There is almost no mortgage market in Ukraine (less than 250 loans were issued during the year of the full-scale war), and the work of state support programs is unstable.

The central bank predicts that under such conditions, the demand for housing will remain suppressed for a long time due to the war, falling incomes, and significant emigration.

Nearly 25,000 new apartments entered the Ukrainian market in the first quarter of 2023. However, most of this construction began prior to Russia's full-scale invasion, indicating that new building activity is decreasing.

"Since the housing stock is decreasing due to destruction, and new projects are starting less and less, it is becoming increasingly likely that there will be a shortage of supply in the housing market in the long term," predicts the NBU.

At the same time, the regulator points out that the prices for residential real estate, which are set by sellers, do not correspond to market realities. As evidence, housing prices in the ads for which apartments were sold were 25% lower than the average for all ads.

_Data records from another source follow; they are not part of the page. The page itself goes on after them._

(* Let $\mu$ be an $n$-dimensional AD regular measure on $\mathbb R^d$ with $\operatorname{diam}(\operatorname{supp}\mu)=\infty$ and $\mathcal D$ a dyadic lattice of $\mu$-cubes. Let $\epsilon_0>0$ and let $\delta_0>0$, $m_0,k_0\in\mathbb N$ be such that for all $i\in\mathbb Z$ and all $Q\in\mathcal D_i$ with $\beta_{1,\mu}(Q)>\epsilon_0$ there exist $k\in\mathbb Z$ with $|k|\le k_0$ and $P\in\mathcal D_{i+k+m_0}$, $P\subset4Q$, with $|S_{i+k}\mu(x)|\ge\delta_0$ for all $x\in P$. Set $\mathcal B=\{Q\in\mathcal D:\beta_{1,\mu}(Q)>\epsilon_0\}$ and $\widetilde{\mathcal B}=\bigcup_{k\in\mathbb Z}\{Q\in\mathcal D_{k+m_0}:|S_k\mu(x)|\ge\delta_0\ \forall x\in Q\}$. If for some $C_1>0$, $\sum_{Q\in\widetilde{\mathcal B}:Q\subset R}\mu(Q)\le C_1\mu(R)$ for all $R\in\mathcal D$, then there is $C_2>0$ such that $\sum_{Q\in\mathcal B:Q\subset R}\mu(Q)\le C_2\mu(R)$ for all $R\in\mathcal D$.
   Context: $\mu$ is $n$-dimensional AD regular if $C_\mu^{-1}r^n\le\mu(B(x,r))\le C_\mu r^n$ for $x\in\operatorname{supp}\mu$, $r>0$. A dyadic lattice of $\mu$-cubes is a collection $\mathcal D=\bigcup_{j\in\mathbb Z}\mathcal D_j$ of Borel subsets of $\operatorname{supp}\mu$ such that: each $\mathcal D_j$ partitions $\operatorname{supp}\mu$; if $Q\in\mathcal D_j$, $Q'\in\mathcal D_k$, $k\le j$, then $Q\subset Q'$ or $Q\cap Q'=\emptyset$; for $Q\in\mathcal D_j$, $2^{-j}\lesssim\operatorname{diam}Q\le2^{-j}$ and $\mu(Q)\approx2^{-jn}$; plus the small boundaries condition. For $Q\in\mathcal D_j$, $\ell(Q)=2^{-j}$ and $aQ=\{x\in\operatorname{supp}\mu:\operatorname{dist}(x,Q)\le(a-1)\ell(Q)\}$. $\beta_{1,\mu}(Q)=\inf_L\ell(Q)^{-n}\int_{2Q}\operatorname{dist}(y,L)/\ell(Q)\,d\mu(y)$, infimum over $n$-planes $L$. Let $K(x)=x/|x|^{n+1}$, fix a nondecreasing $C^2$ $\varphi_{\mathbb R}:[0,\infty)\to[0,\infty)$ with $\chi_{[4,\infty)}\le\varphi_{\mathbb R}\le\chi_{[1/4,\infty)}$ and $\chi_{[1/3,3]}\le C|\varphi_{\mathbb R}'|$, $\varphi_\epsilon(x)=\varphi_{\mathbb R}(|x|^2/\epsilon^2)$, and $S_m\mu(x)=\int(\varphi_{2^{-m-1}}(x-y)-\varphi_{2^{-m}}(x-y))K(x-y)\,d\mu(y)$. *)

From HB Require Import structures.
From mathcomp Require Import all_boot all_order all_algebra.
From mathcomp Require Import all_classical all_reals all_analysis.
Set Implicit Arguments. Unset Strict Implicit. Unset Printing Implicit Defensive.
Import Order.TTheory GRing.Theory Num.Theory.
Import numFieldNormedType.Exports.
Local Open Scope classical_set_scope.
Local Open Scope ring_scope.

(* R^d is represented by row vectors
   'rV[R]_d, with the EUCLIDEAN norm defined below (the library norm on
   matrices is the max-norm). *)

Section Defs.
Variables (R : realType) (d : nat).

Definition Rd : Type := g_sigma_algebraType (@open ('rV[R]_d)).

Definition enorm (x : 'rV[R]_d) : R := Num.sqrt (\sum_(i < d) x ord0 i ^+ 2).

Definition eball (x : Rd) (r : R) : set Rd := [set y | enorm (y - x) < r].

Definition edist (x : Rd) (A : set Rd) : R := inf [set enorm (x - y) | y in A].
Definition ediam (A : set Rd) : R :=
  sup [set enorm (x - y) | x in A & y in A].
Definition ebounded (A : set Rd) : Prop :=
  exists M : R, forall x y, A x -> A y -> enorm (x - y) <= M.

Variable mu : {measure set Rd -> \bar R}.

Definition supp : set Rd := [set x | forall r : R, 0 < r -> (0 < mu (eball x r))%E].

Definition AD_regular (n : nat) : Prop :=
  exists C : R, 0 < C /\ forall x r, supp x -> 0 < r ->
    ((C^-1 * r ^+ n)%:E <= mu (eball x r) /\ mu (eball x r) <= (C * r ^+ n)%:E)%E.

Definition side (j : int) : R := (2%:R : R) ^ (- j).

(* A dyadic lattice of mu-cubes: Dl j is the generation D_j.
   Cubes are understood as pairs (generation, set). *)
Definition dyadic_lattice (n : nat) (Dl : int -> set (set Rd)) : Prop :=
  (forall j Q, Dl j Q -> measurable Q /\ Q `<=` supp /\ Q !=set0) /\
  (forall j x, supp x -> exists Q, Dl j Q /\ Q x) /\
  (forall j Q Q', Dl j Q -> Dl j Q' -> Q <> Q' -> Q `&` Q' = set0) /\
  (forall j k Q Q', (k <= j)%R -> Dl j Q -> Dl k Q' -> Q `<=` Q' \/ Q `&` Q' = set0) /\
  (exists C : R, 0 < C /\ forall j Q, Dl j Q ->
      C^-1 * side j <= ediam Q /\ ediam Q <= side j /\
      ((C^-1 * side j ^+ n)%:E <= mu Q /\ mu Q <= (C * side j ^+ n)%:E)%E) /\
  (exists C : R, 0 < C /\ forall j Q (lam : R), Dl j Q -> 0 < lam ->
      (mu [set x | Q x /\ (edist x (supp `\` Q) <= lam * side j)%R] +
       mu [set x | supp x /\ ~ Q x /\ (edist x Q <= 3 * side j)%R /\
                   (edist x Q <= lam * side j)%R]
       <= (C * powR lam C^-1 * side j ^+ n)%:E)%E).

Definition dil (a : R) (j : int) (Q : set Rd) : set Rd :=
  [set x | supp x /\ edist x Q <= (a - 1) * side j].

Definition nplane (n : nat) (L : set Rd) : Prop :=
  exists (a : 'rV[R]_d) (A : 'M[R]_(n, d)),
    \rank A = n /\ L = [set (a + u *m A : Rd) | u in [set: 'rV[R]_n]].

Definition beta1 (n : nat) (j : int) (Q : set Rd) : \bar R :=
  ereal_inf [set (\int[mu]_(y in dil 2 j Q)
                   ((side j ^+ n)^-1 * (edist y L / side j))%:E)%E
            | L in nplane n].

Definition admissible_phi (phi : R -> R) : Prop :=
  (forall x, 0 < x -> derivable phi x 1) /\
  (forall x, 0 < x -> derivable (derive1 phi) x 1) /\
  (forall x, 0 < x -> {for x, continuous (derive1n 2 phi)}) /\
  (forall x y, 0 <= x -> x <= y -> phi x <= phi y) /\
  (forall x, 0 <= x -> 0 <= phi x) /\
  (forall x, 4 <= x -> 1 <= phi x) /\
  (forall x, 0 <= x -> phi x <= (if 4^-1 <= x then 1 else 0)) /\
  (exists C : R, forall x, 3^-1 <= x <= 3 -> 1 <= C * `|(derive1 phi) x|).
(* Let $\gamma\in\{0,1,\dots,5\}$ and $\mathfrak{q}_\gamma=\frac94\sum_{\nu=0}^{2\gamma}(\overline{\mathfrak{C}}_{\gamma\gamma\nu})^2\left(\frac2{\omega_\nu^2}+\frac1{\omega_\nu^2-(2\omega_\gamma)^2}\right)$. Then $8\mathfrak{q}_\gamma>3\mathfrak{C}_{\gamma\gamma\gamma\gamma}$. Moreover, if $\xi=\{\xi^m\}_{m\ge0}$ with $\xi^m=\mathfrak{K}_\gamma\mathbf{1}(m=\gamma)$ and $\mathfrak{K}_\gamma=\pm2\omega_\gamma\sqrt{\frac{2}{8\mathfrak{q}_\gamma-3\mathfrak{C}_{\gamma\gamma\gamma\gamma}}}$, then $\mathfrak{M}_-(\xi)=0$.
   Context: $\omega_n=n+2$; $\mathfrak{e}_n(x)=\mathfrak{N}_nP_n^{(3/2,3/2)}(\cos x)$ with $P_n^{(3/2,3/2)}$ the Jacobi polynomial and $\mathfrak{N}_n=\frac{\sqrt{\omega_n\Gamma(1+n)\Gamma(4+n)}}{2\sqrt2\,\Gamma(5/2+n)}$; $\overline{\mathfrak{C}}_{ijm}=\int_0^\pi\mathfrak{e}_i\mathfrak{e}_j\mathfrak{e}_m\sin^4x\,dx$, $\mathfrak{C}_{ijkm}=\int_0^\pi\mathfrak{e}_i\mathfrak{e}_j\mathfrak{e}_k\mathfrak{e}_m\sin^6x\,dx$. $(\mathfrak{A}\xi)^m=\omega_m^2\xi^m$, $(\mathfrak{f}^{(3)}(u))^m=-\sum_{i,j,k}\mathfrak{C}_{ijkm}u^iu^ju^k$, $\Phi^t(\xi)=\{\xi^n\cos(\omega_nt)\}_n$, $\langle\mathfrak{f}^{(3)}\rangle(\xi)=\frac1{2\pi}\int_0^{2\pi}\Phi^t[\mathfrak{f}^{(3)}(\Phi^t(\xi))]dt$, and $\mathfrak{M}_-(\xi)=-\mathfrak{A}\xi+\langle\mathfrak{f}^{(3)}\rangle(\xi)+\mathfrak{F}_0(\xi)$ with $(\mathfrak{F}_0(\xi))^m=\frac94\sum_{\kappa,\nu\ge0}\overline{\mathfrak{C}}_{\kappa\nu m}\sum_{i,j\ge0,\ \omega_i-\omega_j\ne\pm\omega_\nu}\frac{\overline{\mathfrak{C}}_{ij\nu}}{\omega_\nu^2-(\omega_i-\omega_j)^2}\xi^i\xi^j\xi^\kappa\sum_\pm\mathbf{1}(\omega_i-\omega_j\pm\omega_\kappa\pm\omega_m=0)+\frac94\sum_{\kappa,\nu\ge0}\overline{\mathfrak{C}}_{\kappa\nu m}\sum_{i,j\ge0,\ \omega_i+\omega_j\ne\pm\omega_\nu}\frac{\overline{\mathfrak{C}}_{ij\nu}}{\omega_\nu^2-(\omega_i+\omega_j)^2}\xi^i\xi^j\xi^\kappa\sum_\pm\mathbf{1}(\omega_i+\omega_j\pm\omega_\kappa\pm\omega_m=0)$. *)

From Stdlib Require Import Reals Lra.
From Coquelicot Require Import Coquelicot.
Open Scope R_scope.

"The fact that prices on the real estate market are far from their natural level, supported by market factors, is also evidenced by the price-to-rent ratio. It will continue to be almost twice the historical average. Leasing conditions are more attractive than acquisitions, which will continue to restrain the purchasing activity on the housing market," the report says.

This means that at current housing prices, renting an apartment for more than 17 years in a row is more profitable than buying it.

Over the past six months, housing rental prices have remained stable, but their change since the start of the full-scale war has been uneven across regions. Rent in Kyiv is on average a third cheaper than the pre-war level, but in Lviv the price is almost twice as high as at the end of 2021.